At anyrate when I think of the parable of the Pharisee and tax-collector, the Pharisee depicted by Jesus did come to God and thank Him, that he is not like the tax collector, so he does believe he is pulling it (the Law) off.

While I am at it, this concept of Mercy in Judaistic terms is not Mercy really.

It is not mercy to accept your best effort and let you off the hook.

Real mercy accepts no merits from you, it forgives you. It does not say ok I will accept your best effort, that would be like payment. Like you owe me $1M but I will accept as payment your $10. This is not mercy, this is still getting something in return - a discount.

Real mercy says - you owe me $1M and I am letting you go without impunity - take your $10 with you, I do not need it.

So in Judaism, if I take what you are teaching or expositing here, God is not merciful but he does give a discount.

LPC

Past Elder said...

Perhaps since I do not hold these positions I am not the best one to argue them. But until an Orthodox Rabbi appears among the readership --

There is no discount. There is forgiveness of debt. That is not a discount. No-one, not you, not Messiah, not anyone else, can pay what you owe to God. And God in his justice could demand the penalty for a capital offence. The debt is not paid, it is forgiven; in fact if it were paid, it would not be forgiven at all since it is paid. It is not that you are forgiven because someone else has paid your debt, nor is there any mercy in that at all, since payment of the debt was non-negotiable, and if there is a discount it would be in someone else picking up the tab for what you owe -- 100% discount to you, 0 to the payer, no mercy, just a transfer of who pays. Mercy is when what rightly could have been done isn't, not when it is done to someone else in your place. That is the meaning of the Akedah, the Binding of Isaac -- the substitute was not another man, but an animal. Every man shall die for his own sin. There is no vicarious atonement; it does not exist. Forgiveness is when the debt is cancelled, not transferred. So the Christians have converted a Hebrew prophecy into a Greek legal problem and missed the prophecy altogether then covered it back up with Greek mystery religionism.

LPC said...

P.E.

The website has some promo material written by one of their converts, an ex-Baptist minister dealing with their (Judaism) idea of atonement.
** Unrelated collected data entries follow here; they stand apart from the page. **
Definition union2 (G H : graph) : graph :=
  Graph (fun v => gV G v \/ gV H v) (fun e => gE G e \/ gE H e)
        (fun v a => gsig G v a \/ gsig H v a) (fun e a => gdel G e a \/ gdel H e a).

Definition bigunion (I : V -> Prop) (g : V -> graph) : graph :=
  Graph (fun v => exists i, I i /\ gV (g i) v)
        (fun e => exists i, I i /\ gE (g i) e)
        (fun v a => exists i, I i /\ gsig (g i) v a)
        (fun e a => exists i, I i /\ gdel (g i) e a).

Definition renaming (R : V -> V) : Prop :=
  (forall x y, R x = R y -> x = y) /\ (forall y, exists x, R x = y).

Definition rename (R : V -> V) (G : graph) : graph :=
  Graph (fun w => exists v, gV G v /\ R v = w)
        (fun e' => gE G (fun x : port => e' (R (fst x), snd x)))
        (fun w a => exists v, R v = w /\ gsig G v a)
        (fun e' a => gdel G (fun x : port => e' (R (fst x), snd x)) a).

Definition adj (G : graph) (u v : V) : Prop :=
  exists (p q : P) e, gE G e /\ e (u, p) /\ e (v, q) /\ (u, p) <> (v, q).

Fixpoint within (G : graph) (c : V) (n : nat) (v : V) : Prop :=
  match n with
  | 0 => gV G c /\ v = c
  | S k => within G c k v \/ exists u, within G c k u /\ adj G u v
  end.

Definition disk_edge (G : graph) (r : nat) (c : V) (e : port -> Prop) : Prop :=
  gE G e /\ exists u p, e (u, p) /\ within G c r u.

Definition disk (G : graph) (r : nat) (c : V) : graph :=
  Graph (fun v => within G c (S r) v)
        (disk_edge G r c)
        (fun v a => gsig G v a /\ within G c r v)
        (fun e a => gdel G e a /\ disk_edge G r c e).

Definition is_disk (r : nat) (H : graph) (c : V) : Prop :=
  exists G, is_graph G /\ gV G c /\ H = disk G r c.

Definition is_local_rule (f : graph -> V -> graph) (r : nat) : Prop :=
  (forall H c, is_disk r H c -> is_graph (f H c)) /\
  (forall R, renaming R -> exists R', renaming R' /\
     forall H c, is_disk r H c -> f (rename R H) (R c) = rename R' (f H c)) /\
  (forall H1 c1 H2 c2, is_disk r H1 c1 -> is_disk r H2 c2 ->
     (forall v, ~ (gV H1 v /\ gV H2 v)) ->
     forall v, ~ (gV (f H1 c1) v /\ gV (f H2 c2) v)) /\
  (exists b : nat, forall H c, is_disk r H c ->
     exists l : list V, length l <= b /\ forall v, gV (f H c) v -> In v l) /\
  (forall G u v, is_graph G -> gV G u -> gV G v ->
     is_graph (union2 (f (disk G r u) u) (f (disk G r v) v))).

Definition monotonic_rule (f : graph -> V -> graph) (r : nat) : Prop :=
  forall H1 H2 c, is_disk r H1 c -> is_disk r H2 c -> gincl H1 H2 ->
    gincl (f H1 c) (f H2 c).

Definition CGD (f : graph -> V -> graph) (r : nat) (G : graph) : graph :=
  bigunion (gV G) (fun v => f (disk G r v) v).

Definition Conj (F : graph -> graph) (R R' : V -> V) : Prop :=
  renaming R' /\ forall G, is_graph G -> F (rename R G) = rename R' (F G).
(* Let $(G,\mathcal{T},(A^\circ,B^\circ),k)$ be a Terminal Separation instance, let $\mathcal{T}'$ be the set of terminal pairs disjoint from $A^\circ\cup B^\circ$, and let $\{s,t\}\in\mathcal{T}'$. Let $\mathcal{F}$ be the family of all maximal terminal separations of minimum cost among terminal separations extending $(A^\circ\cup\{s\},B^\circ\cup\{t\})$, and suppose that no separation in $\mathcal{F}$ contains in the union of its two sides any terminal pair of $\mathcal{T}'$ other than $\{s,t\}$. Then there exists a unique maximal terminal separation $(A_s^{\max},B_t^{\min})$ such that $A_s^{\max}\supseteq A_s$ and $B_t^{\min}\subseteq B_t$ for every $(A_s,B_t)\in\mathcal{F}$. Moreover, if $A$ is a set with $A^\circ\cup\{s\}\subseteq A$, $A\cap B^\circ=\emptyset$, $A\cap\bigcup\mathcal{T}'\subseteq\{s\}$ and $A\setminus A_s^{\max}\ne\emptyset$, then $d(A)>d(A_s^{\max})$.
   Context: Graphs may have multiple edges but no loops; $d(X)$ is the number of edges with exactly one endpoint in $X$. For a family $\mathcal{T}$ of pairwise disjoint vertex pairs (terminals are their vertices), a terminal separation is a pair $(A,B)$ of disjoint vertex sets such that each pair in $\mathcal{T}$ either has one vertex in $A$ and one in $B$ or is disjoint from $A\cup B$; $(A',B')$ extends $(A,B)$ if $A\subseteq A'$, $B\subseteq B'$; cost $c(A,B)=(d(A)+d(B))/2$; a terminal separation is maximal if every other terminal separation extending it has strictly larger cost. A Terminal Separation instance $(G,\mathcal{T},(A^\circ,B^\circ),k)$ has every terminal of degree at most one and $(A^\circ,B^\circ)$ a terminal separation. $\bigcup\mathcal{T}'$ denotes the set of all terminals of pairs in $\mathcal{T}'$. *)

From mathcomp Require Import all_boot all_order all_algebra.
Set Implicit Arguments. Unset Strict Implicit. Unset Printing Implicit Defensive.
Import Order.TTheory GRing.Theory Num.Theory.

Section TermSep.
Variables (V E : finType) (ends : E -> V * V).

(* A multigraph on vertex set V with edge set E; edge e joins (ends e).1 and
   (ends e).2.  Loops are excluded. *)
Definition loopless := forall e : E, (ends e).1 != (ends e).2.

Definition incident (v : V) (e : E) := ((ends e).1 == v) || ((ends e).2 == v).

(* degree of a vertex (no loops, so each incident edge counts once) *)
Definition deg (v : V) : nat := #|[set e : E | incident v e]|.

Definition dcut (X : {set V}) : nat :=
  #|[set e : E | ((ends e).1 \in X) != ((ends e).2 \in X)]|.

Definition cost (A B : {set V}) : rat := ((dcut A + dcut B)%:R / 2%:R)%R.

Variable T : {set {set V}}.

Definition terminal_pairs :=
  (forall p, p \in T -> #|p| = 2) /\
  (forall p q, p \in T -> q \in T -> p != q -> [disjoint p & q]).

Definition is_tsep (A B : {set V}) :=
  [disjoint A & B] /\
  forall p, p \in T ->
    (#|p :&: A| = 1 /\ #|p :&: B| = 1) \/ [disjoint p & A :|: B].

Definition extends (A B A' B' : {set V}) := A \subset A' /\ B \subset B'.

Definition maximal_tsep (A B : {set V}) :=
  is_tsep A B /\
  forall A' B', is_tsep A' B' -> extends A B A' B' -> (A', B') <> (A, B) ->
    (cost A B < cost A' B')%R.

Definition terminal_deg_le1 := forall v, v \in cover T -> deg v <= 1.

Definition Tprime (A0 B0 : {set V}) : {set {set V}} :=
  [set p in T | [disjoint p & A0 :|: B0]].

Definition inF (A0 B0 : {set V}) (s t : V) (A B : {set V}) :=
  [/\ is_tsep A B,
      extends (A0 :|: [set s]) (B0 :|: [set t]) A B,
      (forall A' B', is_tsep A' B' ->
         extends (A0 :|: [set s]) (B0 :|: [set t]) A' B' ->
         (cost A B <= cost A' B')%R)
    & maximal_tsep A B].

End TermSep.

From mathcomp Require Import all_boot all_order all_algebra.
From mathcomp Require Import zify.
Import Order.TTheory GRing.Theory Num.Theory.
Set Implicit Arguments. Unset Strict Implicit. Unset Printing Implicit Defensive.

(** Call a pair (X, Y) extending (A0 ∪ {s}, B0 ∪ {t}) admissible if X and Y
    are disjoint and meet the terminals of T' only in s and t respectively.
    Admissible pairs are terminal separations, and they are closed under
    (X1 ∪ X2, Y1 ∩ Y2) and (X1 ∩ X2, Y1 ∪ Y2).  The hypothesis on F makes every
    member of F admissible, so by submodularity of d the minimum-cost
    admissible pairs form a lattice, and the member of F with the largest
    A-side dominates all others.  For the last claim, (A ∪ Amax, Bmin \ A) is
    admissible and must cost more than the minimum (otherwise a member of F
    would contain A); comparing it with (A ∩ Amax, Bmin) and (A \ Bmin, Bmin)
    by submodularity and posimodularity of d gives d Amax < d A. *)

Section Cuts.
Variables (V E : finType) (ends : E -> V * V).
Local Notation d := (dcut ends).

Lemma dcutE X : d X = \sum_e (((ends e).1 \in X) != ((ends e).2 \in X) : nat).
Proof. by rewrite /dcut -sum1dep_card big_mkcond /=; apply: eq_bigr => e _; case: ifP. Qed.

Lemma dcutU_dcutI X Y : d (X :|: Y) + d (X :&: Y) <= d X + d Y.
Proof.
rewrite !dcutE -!big_split /=; apply: leq_sum => e _; rewrite !inE.
by case: ((ends e).1 \in X); case: ((ends e).2 \in X);
   case: ((ends e).1 \in Y); case: ((ends e).2 \in Y).
Qed.

Lemma dcutD_dcutD X Y : d (X :\: Y) + d (Y :\: X) <= d X + d Y.
Proof.
rewrite !dcutE -!big_split /=; apply: leq_sum => e _; rewrite !inE.
by case: ((ends e).1 \in X); case: ((ends e).2 \in X);
   case: ((ends e).1 \in Y); case: ((ends e).2 \in Y).
Qed.

Lemma ler_cost A B A' B' :
  (cost ends A B <= cost ends A' B')%R = (d A + d B <= d A' + d B').
Proof. by rewrite /cost ler_pM2r ?invr_gt0 ?ltr0n // ler_nat. Qed.

Lemma ltr_cost A B A' B' :
  (cost ends A B < cost ends A' B')%R = (d A + d B < d A' + d B').
Proof. by rewrite /cost ltr_pM2r ?invr_gt0 ?ltr0n // ltr_nat. Qed.

End Cuts.

Section Pairs.
Variable V : finType.
Implicit Types (p A B X Y : {set V}) (a b : V).

Lemma card_pairI1 a b X : a \in X -> b \notin X -> #|[set a; b] :&: X| = 1.
Proof.
move=> aX bX; suff -> : [set a; b] :&: X = [set a] by rewrite cards1.
apply/setP => x; rewrite !inE; have [->|_] := eqVneq x a; first by rewrite aX.
by have [->|] := eqVneq x b; rewrite ?(negbTE bX) ?andbF.
Qed.

Lemma split_pair_sub p A B :
  #|p| = 2 -> #|p :&: A| = 1 -> #|p :&: B| = 1 -> [disjoint A & B] ->
  p \subset A :|: B.
Proof.
move=> p2 pA pB dAB; apply/setIidPl/eqP.
rewrite eqEcard subsetIl p2 setIUr cardsU pA pB.
by rewrite setIACA setIid (disjoint_setI0 dAB) setI0 cards0.
Qed.

Lemma setI_extends p A B X Y :
  p \subset A :|: B -> A \subset X -> B \subset Y -> [disjoint X & Y] ->
  p :&: X = p :&: A.
Proof.
move=> pAB AX BY dXY; apply/setP => x; rewrite !inE.
case xp: (x \in p) => //=; case/setUP: (subsetP pAB x xp) => [xA | xB].
  by rewrite xA (subsetP AX).
by rewrite (disjointFl dXY (subsetP BY x xB)) (disjointFl (disjointW AX BY dXY) xB).
Qed.

End Pairs.

Lemma tsep_extends (V : finType) (T : {set {set V}}) A B X Y :
  terminal_pairs T -> is_tsep T A B -> extends A B X Y -> [disjoint X & Y] ->
  (forall p, p \in T -> [disjoint p & A :|: B] ->
     (#|p :&: X| = 1 /\ #|p :&: Y| = 1) \/ [disjoint p & X :|: Y]) ->
  is_tsep T X Y.
Proof.
move=> [T2 _] [dAB tAB] [AX BY] dXY new; split => // p pT.
case: (tAB p pT) => [[pA pB] | ]; last exact: new.
have pAB := split_pair_sub (T2 p pT) pA pB dAB.
left; rewrite (setI_extends pAB AX BY dXY) pA; split => //.
by rewrite setUC in pAB; rewrite disjoint_sym in dXY; rewrite (setI_extends pAB BY AX dXY).
Qed.

Section TerminalPair.
Variables (V E : finType) (ends : E -> V * V) (T : {set {set V}}).
Variables (A0 B0 : {set V}) (s t : V).
Hypotheses (HT : terminal_pairs T) (HA0B0 : is_tsep T A0 B0).
Hypothesis Hst : [set s; t] \in Tprime T A0 B0.

Local Notation Tp := (Tprime T A0 B0).
Local Notation d := (dcut ends).
Local Notation A0s := (A0 :|: [set s]).
Local Notation B0t := (B0 :|: [set t]).
Local Notation inF := (inF ends T A0 B0 s t).

Lemma st_in_T : [set s; t] \in T.
Proof. by move: Hst; rewrite inE => /andP []. Qed.

Lemma s_neq_t : s != t.
Proof. by have := HT.1 _ st_in_T; rewrite cards2; case: (s != t). Qed.

Lemma st_sub_cover : [set s; t] \subset cover Tp.
Proof. exact: bigcup_sup Hst. Qed.

Definition admissible (X Y : {set V}) :=
  [/\ A0s \subset X, B0t \subset Y, [disjoint X & Y],
      X :&: cover Tp \subset [set s] & Y :&: cover Tp \subset [set t]].

Lemma admissible_tsep X Y : admissible X Y -> is_tsep T X Y.
Proof.
case=> sX tY dXY cX cY; apply: (tsep_extends HT HA0B0) => //.
  by split; [apply: subset_trans sX | apply: subset_trans tY]; apply: subsetUl.
have sXs : s \in X by apply: (subsetP sX); rewrite !inE eqxx orbT.
have tYt : t \in Y by apply: (subsetP tY); rewrite !inE eqxx orbT.
move=> p pT dp; have [-> | pst] := eqVneq p [set s; t].
  left; split; first by apply: card_pairI1; rewrite ?(disjointFl dXY tYt).
  by rewrite setUC; apply: card_pairI1; rewrite ?(disjointFr dXY sXs).
have dpst := HT.2 _ _ pT st_in_T pst.
have pC : p \subset cover Tp by apply: bigcup_sup; rewrite inE pT dp.
right; apply/pred0P => x /=; apply/negbTE/negP => /andP [xp /setUP xXY].
have xst : x \in [set s; t].
  by rewrite !inE; case: xXY => xZ; [move: cX | move: cY];
     move/subsetP/(_ x); rewrite !inE xZ (subsetP pC x xp) => /(_ isT) ->; rewrite ?orbT.
by rewrite (disjointFr dpst xp) in xst.
Qed.

Hypothesis HF : forall A B, inF A B ->
  forall p, p \in Tp -> p != [set s; t] -> ~~ (p \subset A :|: B).

Lemma inF_admissible A B : inF A B -> admissible A B.
Proof.
move=> FAB; have [[dAB tAB] [sA tB] _ _] := FAB.
have sAs : s \in A by apply: (subsetP sA); rewrite !inE eqxx orbT.
have tBt : t \in B by apply: (subsetP tB); rewrite !inE eqxx orbT.
have ABst : (A :|: B) :&: cover Tp \subset [set s; t].
  apply/subsetP => x /setIP [xAB /bigcupP [p pTp xp]].
  have [<- // | pst] := eqVneq p [set s; t].
  have pT : p \in T by move: pTp; rewrite inE => /andP [].
  case: (tAB p pT) => [[pA pB] | dp]; last by rewrite (disjointFr dp xp) in xAB.
  by have := HF FAB pTp pst; rewrite split_pair_sub // HT.1.
split => //; apply/subsetP => x /setIP [xZ xC];
  have := subsetP ABst x; rewrite !inE xZ xC ?orbT => /(_ isT) /orP [] // /eqP xst.
- by rewrite xst (disjointFl dAB tBt) in xZ.
- by rewrite xst (disjointFr dAB sAs) in xZ.
Qed.

Definition tsepb (X Y : {set V}) := [disjoint X & Y] &&
  [forall p in T, (#|p :&: X| == 1) && (#|p :&: Y| == 1) || [disjoint p & X :|: Y]].

Lemma tsepP X Y : reflect (is_tsep T X Y) (tsepb X Y).
Proof.
apply: (iffP andP) => [[dXY /forall_inP tXY] | [dXY tXY]]; split => //.
  by move=> p /tXY /orP [/andP [/eqP -> /eqP ->] | ->]; [left | right].
by apply/forall_inP => p /tXY [[-> ->] | ->]; rewrite ?eqxx ?orbT.
Qed.

Definition feasible (P : {set V} * {set V}) :=
  [&& tsepb P.1 P.2, A0s \subset P.1 & B0t \subset P.2].

Lemma feasibleP X Y :
  reflect (is_tsep T X Y /\ extends A0s B0t X Y) (feasible (X, Y)).
Proof.
apply: (iffP and3P) => [[/tsepP tXY AX BY] | [tXY [AX BY]]]; first by [].
by split; first apply/tsepP.
Qed.

Lemma admissible_feasible X Y : admissible X Y -> feasible (X, Y).
Proof. by move=> aXY; apply/feasibleP; split; [apply: admissible_tsep | case: aXY]. Qed.

Lemma admissible_base : admissible A0s B0t.
Proof.
have dC : [disjoint cover Tp & A0 :|: B0].
  by rewrite disjoint_sym; apply/bigcup_disjointP => p; rewrite inE disjoint_sym => /andP [].
have notA0B0 x : x \in cover Tp -> x \notin A0 /\ x \notin B0.
  by move=> /(disjointFr dC); rewrite inE => /norP.
have [sA0 sB0] := notA0B0 s (subsetP st_sub_cover s (set21 s t)).
have [tA0 tB0] := notA0B0 t (subsetP st_sub_cover t (set22 s t)).
split => //.
- apply/pred0P => x /=; apply/negbTE/negP.
  case/andP => /setUP [xA | /set1P ->] /setUP [xB | /set1P xt].
  + by rewrite (disjointFr HA0B0.1 xA) in xB.
  + by move: xA; rewrite xt (negbTE tA0).
  + by rewrite xB in sB0.
  + by move: s_neq_t; rewrite xt eqxx.
- apply/subsetP => x /setIP [/setUP [xA | //] /notA0B0 [xA0 _]].
  by rewrite xA in xA0.
- apply/subsetP => x /setIP [/setUP [xB | //] /notA0B0 [_ xB0]].
  by rewrite xB in xB0.
Qed.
Still though the animal sacrifice is a form of substitute is it not? Blank out Christianity at the moment but just go by their system with out NT scripture, would not the Levitical prescription on sacrifices be such, i.e. the animal dies so you do not have to?


LPC

Past Elder said...

Yes, I would agree it is a form of substitute, but also add not the form Christians understand.

The blood of animals does not pay for the sins of men, in the sense that if I owe $100M then it pays $100M. It is a substitute in the sense that it replaces one thing with another, but not a substitute in the sense of replacing one thing with equal kind and value.

Sort of like the difference between replacement cost and actual cash value in insurance (sorry, I had a property and casualty licence for years!)

The Hertz Chumash, which I have mentioned before, has tons of stuff on this and everything else. For a more specific treatment, a classic is Luzzato's The Path of the Just. There is a recent, though I'm not sure if still in print, book by (Orthodox, of course) rabbi Joseph Telushkin called Jewish Literacy, written both for Jews who don't know much about their faith and Gentiles who don't either.

LPC said...

P.E.

It is disappointing that the commenter from Ribi Yehoshua has not returned to conduct some dialog so I have to rely on some old books like that of Epstein.

But the animal sacrifices serve to set one free, I mean the effect is that the offending man is allowed to go without impunity on account of the substitute.

My impression when I was studying was that the Torah was given to enable man to qualify for heaven.

The issue is still in front of us and perhaps the universal question of existence - how may God treat us as righteous.

How does Judaism answer this question,

An angle I am reading is that some Jews believe that they are already saved by virtue of being Abraham's seed thus requires no atonement.